YAGNI for distributed rate limiters

So, I am working on this rate limiter. It’s in-process and in-memory. I look at other fine rate limiters, and many offer the ability to store the state in a shared system, such as Redis. Should I offer that?

Cards on the table: I worked pretty hard on optimal semantics and performance for my rate limiter, and the task of supporting an external store gives me a feeling of “ugh”. It would be a step change in complexity and perf. Distributed data is a hard problem.

Is it possible that, for most cases, you aren’t gonna need it? Let me attempt to talk you me out of the need for a distributed rate limiter.

The use case

We often run clusters of machines (say web servers), and wish to apply a rate limit policy to the cluster, not the individual machine.

Let’s adopt the assumption that the primary use case for a rate limiter is to protect a service from overload, with some notion of fairness. There are other use cases, but this is Job One.

Let’s further stipulate that precision is not too important. There is not a meaningful difference between 10 requests per second and 11 requests per second; we care about blunting the guy hitting us with 100 requests per second.

Strategy 1: Round-robin and divide by N

If we have a cluster of N machines, we can use a round-robin (or similar) algorithm to distribute the requests ~equally across all machines.

Instead of sharing state, we can decide on a cluster rate limit of X, and on each machine, simply configure a rate limit of X/N. We can do further division if we run multiple processes.

Strategy 2: Sticky sessions (and ignore N)

A sticky session means that the same user (or IP address or whatever) will always be routed to the same machine.

If our rate limit is applied per-user (or other sharding key), then we don’t need to share state at all.

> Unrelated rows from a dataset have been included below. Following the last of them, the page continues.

Lemma card_preim_seq (X : finType) (Y : eqType) (f : X -> Y) (r : seq Y) :
  injective f -> uniq r -> {subset r <= codom f} -> #|[set x | f x \in r]| = size r.
Proof.
move=> finj ru rf; rewrite cardE -(size_map f); apply/perm_size/uniq_perm => //.
  by rewrite (map_inj_uniq finj) enum_uniq.
move=> y; apply/mapP/idP => [[x] | yr]; first by rewrite mem_enum inE => ? ->.
by have /codomP [x ey] := rf y yr; exists x; rewrite // mem_enum inE -ey.
Qed.

Section Resample.
Variables (A Z : finType) (valid : pred A) (ok : pred Z).
Variables (upd : A -> Z -> A) (get : A -> Z).
Hypotheses (get_upd : forall a z, get (upd a z) = z) (updK : forall a z, upd (upd a z) (get a) = a).
Hypothesis valid_upd : forall a z, valid (upd a z) && ok (get a) = valid a && ok z.

(* (a, z) |-> (upd a z, get a) is an involution of A * Z preserving [valid a && ok z]. *)
Lemma sum_resample (G : A -> nat) :
  (\sum_(a | valid a) G a) * #|ok| = \sum_(a | valid a) \sum_(z | ok z) G (upd a z).
Proof.
pose swap p := (upd p.1 p.2, get p.1).
have swapK : involutive swap by case=> a z; rewrite /swap /= get_upd updK.
rewrite -cardsE big_distrl /= (eq_bigr (fun a => \sum_(z | ok z) G a)); last first.
  by move=> a _; rewrite cardsE -sum1_card big_distrr /= muln1.
rewrite !pair_big_dep (reindex_inj (inv_inj swapK)) /=.
by apply: eq_bigl => -[a z]; rewrite /swap /= valid_upd.
Qed.
End Resample.
Arguments sum_resample {A Z valid ok upd get}.

Lemma card_fibers_uniform (Z : finType) (P : pred Z) (E : Z -> nat) K c (h : pred nat) :
  (forall z, P z -> E z < K) -> (forall x, x < K -> #|[pred z | P z && (E z == x)]| = c) ->
  #|[pred z | P z && h (E z)]| = c * count h (iota 0 K).
Proof.
move=> EK fiber; rewrite -sum_nat_count big_distrr /= big_seq.
rewrite (eq_bigr (fun x => #|[pred z | P z && (E z == x) && h x]|)) -?big_seq; last first.
  move=> x; rewrite mem_iota => /andP [_ /fiber <-]; case: (h x); rewrite ?muln1 ?muln0.
    by apply: eq_card => z; rewrite !inE andbT.
  by apply/esym/eqP; rewrite eqn0Ngt; apply/card_gt0P => -[z]; rewrite !inE andbF.
rewrite card_predE (eq_bigr (fun z => \sum_(x <- iota 0 K) (P z && (E z == x) && h x : nat))).
  by rewrite exchange_big /=; apply: eq_bigr => x _; rewrite card_predE.
move=> z _; have [Pz | nPz] := boolP (P z); last by rewrite big1.
rewrite /= (bigD1_seq (E z)) ?iota_uniq ?mem_iota ?EK //= eqxx big1 ?addn0 // => x.
by rewrite eq_sym => /negbTE ->.
Qed.

(** * Dyadic blocks of the process *)

Definition block (l : nat) (s : seq nat) (t : nat) : seq nat := take (2 ^ l) (drop (t * 2 ^ l) s).

Definition distinct_blocks (l m : nat) (s : seq nat) : bool :=
  uniq [seq block l s t | t <- iota 0 m].

Fixpoint descend (S : nat -> seq (nat * nat)) (b a i q : nat) : nat :=
  if a is a'.+1 then
    let p := nth (0, 0) (S (b + a').+1) i in
    if q < 2 ^ a' then descend S b a' p.1 q else descend S b a' p.2 (q - 2 ^ a')
  else i.

Lemma Yf_ext S S' n x : (forall l, l <= n -> S l = S' l) -> Yf S n x = Yf S' n x.
Proof.
elim: n x => [|n IH] x same //=.
by rewrite same // !IH // => l ln; apply: same; rewrite ltnW.
Qed.

Lemma descend_ext S S' b a i q : (forall l, l <= b + a -> S l = S' l) ->
  descend S b a i q = descend S' b a i q.
Proof.
elim: a i q => [|a IH] i q same //=; rewrite same ?addnS //.
by case: ifP => _; apply: IH => l la; apply: same; rewrite addnS ltnW.
Qed.

Lemma size_Yf S l j : size (Yf S l j) = 2 ^ l.
Proof. by elim: l j => [|l IH] j //=; rewrite size_cat !IH expnS mul2n addnn. Qed.

Lemma block_Yf S b a i q : q < 2 ^ a ->
  block b (Yf S (b + a) i) q = Yf S b (descend S b a i q).
Proof.
rewrite /block; elim: a i q => [|a IH] i q qa /=.
  have -> : q = 0 by move: qa; rewrite expn0; lia.
  by rewrite addn0 mul0n drop0 take_oversize // size_Yf.
have e : 2 ^ (b + a) = 2 ^ b * 2 ^ a by rewrite expnD.
have b0 : 0 < 2 ^ b by rewrite expn_gt0.
rewrite addnS /= drop_cat !size_Yf; have [qa' | aq] := ltnP q (2 ^ a).
  rewrite ifT ?e; last by nia.
  by rewrite takel_cat ?IH // size_drop size_Yf e; nia.
rewrite ifF ?e; last by apply/negbTE; rewrite -leqNgt; nia.
rewrite -e (_ : q * 2 ^ b - 2 ^ (b + a) = (q - 2 ^ a) * 2 ^ b) ?IH //.
  by move: qa; rewrite expnS; lia.
by rewrite e mulnBl (mulnC (2 ^ b)).
Qed.

Lemma size_flatten_dyadic (F : nat -> seq nat) m : (forall l, size (F l) = 2 ^ l) ->
  size (flatten [seq F l | l <- iota 0 m]) = 2 ^ m - 1.
Proof.
move=> sF; elim: m => [|m IH] //.
rewrite -addn1 iotaD map_cat flatten_cat size_cat IH /= cats0 sF add0n expnD expn1.
have : 0 < 2 ^ m by rewrite expn_gt0.
lia.
Qed.

Lemma drop_flatten_dyadic (F : nat -> seq nat) m K : (forall l, size (F l) = 2 ^ l) -> m < K ->
  drop (2 ^ m - 1) (flatten [seq F l | l <- iota 0 K]) =
  F m ++ flatten [seq F l | l <- iota m.+1 (K - m.+1)].
Proof.
move=> sF mK; rewrite (_ : K = m + (K - m.+1).+1); last by lia.
rewrite iotaD map_cat flatten_cat drop_size_cat ?size_flatten_dyadic //=.
by congr (_ ++ flatten (map _ (iota _ _))); lia.
Qed.

Lemma Xblock_descend k M w n a q : n + a <= M -> q < 2 ^ a ->
  Xblock k M w n (2 ^ a + q) =
  Yf (Sof k M w) n (descend (Sof k M w) n a (Cof k M w (n + a)) q).
Proof.
move=> naM qa; rewrite -block_Yf // /Xblock /Xfin /block.
have e : 2 ^ (n + a) = 2 ^ n * 2 ^ a by rewrite expnD.
have n0 : 0 < 2 ^ n by rewrite expn_gt0.
rewrite (_ : (2 ^ a + q) * 2 ^ n - 1 = q * 2 ^ n + (2 ^ (n + a) - 1)); last by rewrite e; nia.
rewrite -drop_drop drop_flatten_dyadic => [|l|]; last (by lia); last by rewrite size_Yf.
rewrite drop_cat size_Yf ifT; last by rewrite e; nia.
by rewrite takel_cat // size_drop size_Yf e; nia.
Qed.

Lemma Aevent_distinct_blocks k M n l w : l <= n ->
  Aevent k M n l w = distinct_blocks l (2 ^ (n - l)) (Xblock k M w n 1).
Proof.
move=> ln; rewrite /Aevent /distinct_blocks /block.
have e : 2 ^ (n - l) * 2 ^ l = 2 ^ n by rewrite -expnD subnK.
have l0 : 0 < 2 ^ l by rewrite expn_gt0.
rewrite -{1}(addn0 (2 ^ (n - l))) iotaDl -map_comp; congr uniq.
apply/eq_in_map => t; rewrite mem_iota add0n => /andP [_ tm] /=.
rewrite /Xblock !take_drop take_takel; last by rewrite -e; nia.
by rewrite drop_drop mul1n; congr (drop _ (take _ _)); rewrite -e; nia.
Qed.

Lemma dyadic_decomp {M n j} : 0 < j -> j.+1 * 2 ^ n <= 2 ^ M.+1 ->
  exists a q, [/\ n + a <= M, q < 2 ^ a & j = 2 ^ a + q].
Proof.
move=> j0 jM; have /andP [lo hi] := trunc_log_bounds (isT : 1 < 2) j0.
exists (trunc_log 2 j), (j - 2 ^ trunc_log 2 j); split; last 2 first.
- by move: hi; rewrite expnS; lia.
- by lia.
rewrite -ltnS -(ltn_exp2l _ _ (isT : 1 < 2)); apply: leq_trans jM.
have : 0 < 2 ^ n by rewrite expn_gt0.
rewrite expnD; nia.
Qed.

(** * The sample space level by level *)

Definition Yf_index (k : nat -> nat) (S : nat -> seq (nat * nat)) (l : nat) (h : seq nat) : nat :=
  index h (mkseq (Yf S l) (k l)).

Section SampleSpace.
Variables (k : nat -> nat) (M : nat).
Local Notation B := (Bnd k M).
Local Notation Om := (Omega k M).
Local Notation level := ({set 'I_B * 'I_B} * 'I_B)%type.

Definition pair_box (l : nat) : {set 'I_B * 'I_B} :=
  [set p : 'I_B * 'I_B | (p.1 < k l) && (p.2 < k l)].

Definition level_set_ok (l : nat) (T : {set 'I_B * 'I_B}) : bool :=
  if l is l'.+1 then (T \subset pair_box l') && (#|T| == k l) else T == set0.

Definition level_ok (l : nat) (z : level) : bool := (z.2 < k l) && level_set_ok l z.1.

Definition get_level (i : 'I_M.+1) (w : Om) : level := (w.1 i, w.2 i).

Definition set_level (i : 'I_M.+1) (w : Om) (z : level) : Om :=
  ([ffun j => if j == i then z.1 else w.1 j], [ffun j => if j == i then z.2 else w.2 j]).

Definition set_choice (i : 'I_M.+1) (w : Om) (d : 'I_B) : Om :=
  (w.1, [ffun j => if j == i then d else w.2 j]).

Lemma Valid_levelwise w : Valid k M w = [forall i : 'I_M.+1, level_ok i (get_level i w)].
Proof.
apply: eq_forallb => -[[|l] li]; rewrite /level_ok /level_set_ok //= [(_ \subset _) && _]andbC.
congr (_ && (_ && _)); apply/forall_inP/subsetP => sub p /sub; rewrite inE //.
Qed.

Lemma valid_level w (i : 'I_M.+1) : Valid k M w -> level_ok i (get_level i w).
Proof. by rewrite Valid_levelwise => /forallP. Qed.

Lemma Valid_update (i : 'I_M.+1) w w' :
  (forall j, j != i -> get_level j w' = get_level j w) ->
  Valid k M w -> level_ok i (get_level i w') -> Valid k M w'.
Proof.
move=> same vw ok_i; rewrite Valid_levelwise; apply/forallP => j.
by have [-> // | ji] := eqVneq j i; rewrite same //; apply: valid_level.
Qed.

Lemma get_set_level i w z : get_level i (set_level i w z) = z.
Proof. by rewrite /get_level !ffunE eqxx; case: z. Qed.

Lemma set_levelK i w z : set_level i (set_level i w z) (get_level i w) = w.
Proof. by case: w => w1 w2; congr (_, _); apply/ffunP => j; rewrite !ffunE; case: eqP => // ->. Qed.

Lemma valid_set_level (i : 'I_M.+1) w z :
  Valid k M (set_level i w z) && level_ok i (get_level i w) = Valid k M w && level_ok i z.
Proof.
suff imp w' z' : Valid k M w' && level_ok i z' ->
    Valid k M (set_level i w' z') && level_ok i (get_level i w').
  by apply/idP/idP => /imp //; rewrite set_levelK get_set_level.
case/andP => vw oz; rewrite valid_level // andbT.
apply: (Valid_update i w') => // [j ji|]; last by rewrite get_set_level.
by rewrite /get_level !ffunE (negbTE ji).
Qed.
Lemma shelling_order_link W U v s : v \in W ->
  shelling_order (facet e (W :\ v) U) s ->
  shelling_order (fun F => (v \in F) && facet e W U F) [seq v |: G | G <- s].
Proof.
move=> vW [uniq_s mem_s sh_s]; have vs : {in s, forall G, v \notin G}.
  by move=> G; rewrite mem_s => /facet_notin.
split.
- rewrite map_inj_in_uniq // => G1 G2 G1s G2s eqG.
  by rewrite -(setU1K (vs _ G1s)) eqG setU1K ?vs.
- move=> F; rewrite mem_map_setU1 // mem_s.
  by case: (boolP (v \in F)) => //= vF; rewrite -facet_link.
- exact: shelling_map_setU1.
Qed.

Lemma shelling_order_empty U : exists s, shelling_order (facet e set0 U) s.
Proof.
exists [seq F <- [:: set0] | facet e set0 U F]; split.
- by rewrite filter_uniq.
- move=> F; rewrite mem_filter inE andb_idr // => /maxsetp/andP[].
  by rewrite subset0.
- by apply: shelling_small; rewrite size_filter count_size.
Qed.

Lemma shelling_order_cone W U v s : v \in W -> {in U, forall u, ~~ e u v} ->
  shelling_order (facet e (W :\ v) U) s ->
  shelling_order (facet e W U) [seq v |: G | G <- s].
Proof.
move=> vW cone /(shelling_order_link vW)[uniq_s mem_s sh_s]; split=> // F.
by rewrite mem_s andb_idl // => /facet_cone; apply.
Qed.

Lemma shelling_order_shedding W U v u0 s1 s2 : shedding e W U v u0 ->
  shelling_order (facet e (W :\ v) [set u in U | ~~ e u v]) s1 ->
  shelling_order (facet e (W :\ v) U) s2 ->
  shelling_order (facet e W U) (s1 ++ [seq v |: G | G <- s2]).
Proof.
move=> shed [uniq1 mem1 sh1] ord2; have vW : v \in W by case: shed.
have [uniq2 mem2 sh2] := shelling_order_link vW ord2.
have vs1 F : F \in s1 -> v \notin F by rewrite mem1 => /facet_notin.
split.
- rewrite cat_uniq uniq1 uniq2 andbT; apply/hasPn => F.
  by rewrite mem2 => /andP[vF _]; apply/negP => Fs1; move: (vs1 F Fs1); rewrite vF.
- move=> F; rewrite mem_cat mem1 mem2.
  have [vF | vF] := boolP (v \in F); last by rewrite orbF (facet_del shed vF).
  by rewrite -mem1 (contraTF (vs1 F) vF).
- apply: shelling_cat => // F G; rewrite mem1 mem2 => facetF /andP[vG facetG].
  rewrite (facet_link _ _ vW vG) in facetG.
  have [F' facetF' sGF'] := facet_link_covered shed facetG.
  exists v; split; first by rewrite inE vG (facet_notin facetF).
  exists F'; first by rewrite mem1.
  apply/setP => z; rewrite !inE; have [-> | zv] := eqVneq z v.
    by rewrite vG (facet_notin facetF').
  have [zG | _] := boolP (z \in G); last by rewrite andbF.
  by rewrite (subsetP sGF') // !inE zv.
Qed.

End FacetShellings.

Lemma facets_shelling_order (T : finType) (e : rel T) :
  symmetric e -> one_degenerate e ->
  forall W U : {set T}, exists s, shelling_order (facet e W U) s.
Proof.
move=> esym e_degenerate W; have [n] := ubnP #|W|.
elim: n => // n IHn in W *; rewrite ltnS => cardW U.
have [-> | W_n0] := eqVneq W set0; first exact: shelling_order_empty.
have cardWv v : v \in W -> #|W :\ v| < n.
  by move=> vW; move: cardW; rewrite (cardsD1 v W) vW add1n.
case: (pickP (fun v => (v \in W) && [forall u in U, ~~ e u v])) =>
    [v /andP[vW /forall_inP cone] | no_cone].
  have [s ord_s] := IHn _ (cardWv v vW) U.
  by eexists; apply: shelling_order_cone ord_s.
have [|v [u0 shed]] := exists_shedding esym e_degenerate W_n0 (U := U).
  move=> x xW; move: (no_cone x); rewrite xW /= => /negbT.
  by rewrite negb_forall_in; under eq_existsb do rewrite negbK.
have vW : v \in W by case: shed.
have [s1 ord1] := IHn _ (cardWv v vW) [set u in U | ~~ e u v].
have [s2 ord2] := IHn _ (cardWv v vW) U.
by eexists; apply: shelling_order_shedding shed ord1 ord2.
Qed.

Section TotalDomination.

Variables (T : finType) (e : rel T).
Hypothesis esym : symmetric e.

Lemma is_TDset_dominates (D : {set T}) : is_TDset e D = dominates e D setT.
Proof.
apply/eqP/dominatesP => [ND u _ | dom].
  have /bigcupP[y yD] : u \in nbhdS e D by rewrite ND inE.
  by rewrite inE esym; exists y.
apply/setP => u; rewrite inE; have [//|y yD uy] := dom u.
by apply/bigcupP; exists y; rewrite // inE esym.
Qed.

Lemma is_minTDsetE (D : {set T}) : is_minTDset e D = minset (is_TDset e) D.
Proof.
apply/andP/minsetP => -[TD minD]; split=> //.
  move=> B TDB sBD; apply/eqP; apply: contraT => BD.
  by have /implyP := forallP minD B; rewrite properEneq BD sBD TDB => /(_ isT).
apply/forallP => B; apply/implyP => pBD; apply/negP => TDB.
by move: (pBD); rewrite (minD B TDB (proper_sub pBD)) properxx.
Qed.

Lemma stable_facetE (F : {set T}) : stable_facet e F = facet e setT setT F.
Proof.
rewrite /stable_facet is_minTDsetE minmaxset setCK /facet.
by apply: maxset_eq => B /=; rewrite is_TDset_dominates /face subsetT setTD.
Qed.

End TotalDomination.

Unset Implicit Arguments.

Theorem theorem4p25 (T : finType) (e : rel T) :
  is_tree e -> unmixed e -> shellable (stable_facet e).
Proof.
move=> tree unmixed_e; have esym : symmetric e by case: tree => [[]].
split=> [F G facetF facetG | ].
  by rewrite (cardsCs F) (cardsCs G) (unmixed_e _ _ facetF facetG).
have [s [uniq_s mem_s sh_s]] :=
  facets_shelling_order esym (tree_one_degenerate tree) setT setT.
by exists s; split=> // F; rewrite mem_s stable_facetE.
Qed.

The machine-local state is equivalent to the “cluster” state for that user, since that user will only ever “see” one machine.

(Credit to @kevin-montrose for this idea.)

Strategy 3: Do it on the load balancer

The load balancer is a proxy for the cluster, both literally and figuratively. If we wish apply a cluster-wide rate limit, let’s do it there, and not on individual machines.

Summary and addendum

So perhaps the complexity of true, distributed rate limiting should only be adopted after we have proved that the above strategies are insufficient.

Spitballing: if I were to implement it…

If I choose to support distribution in my rate limiter, I will try to do it not by implementing alternative data stores within the package. Rather, I would offer the primitives to allow others to do so.

I might offer a method to emit events from the rate limiter, and a complementary method for consuming such events. I would define a serializable data type representing the event.

In turn, you, the user, can choose to transport that event over pub/sub, persist it to a database, or whatever. The user can decide on synchrony, batching, eventual consistency, etc.

Published August 28, 2025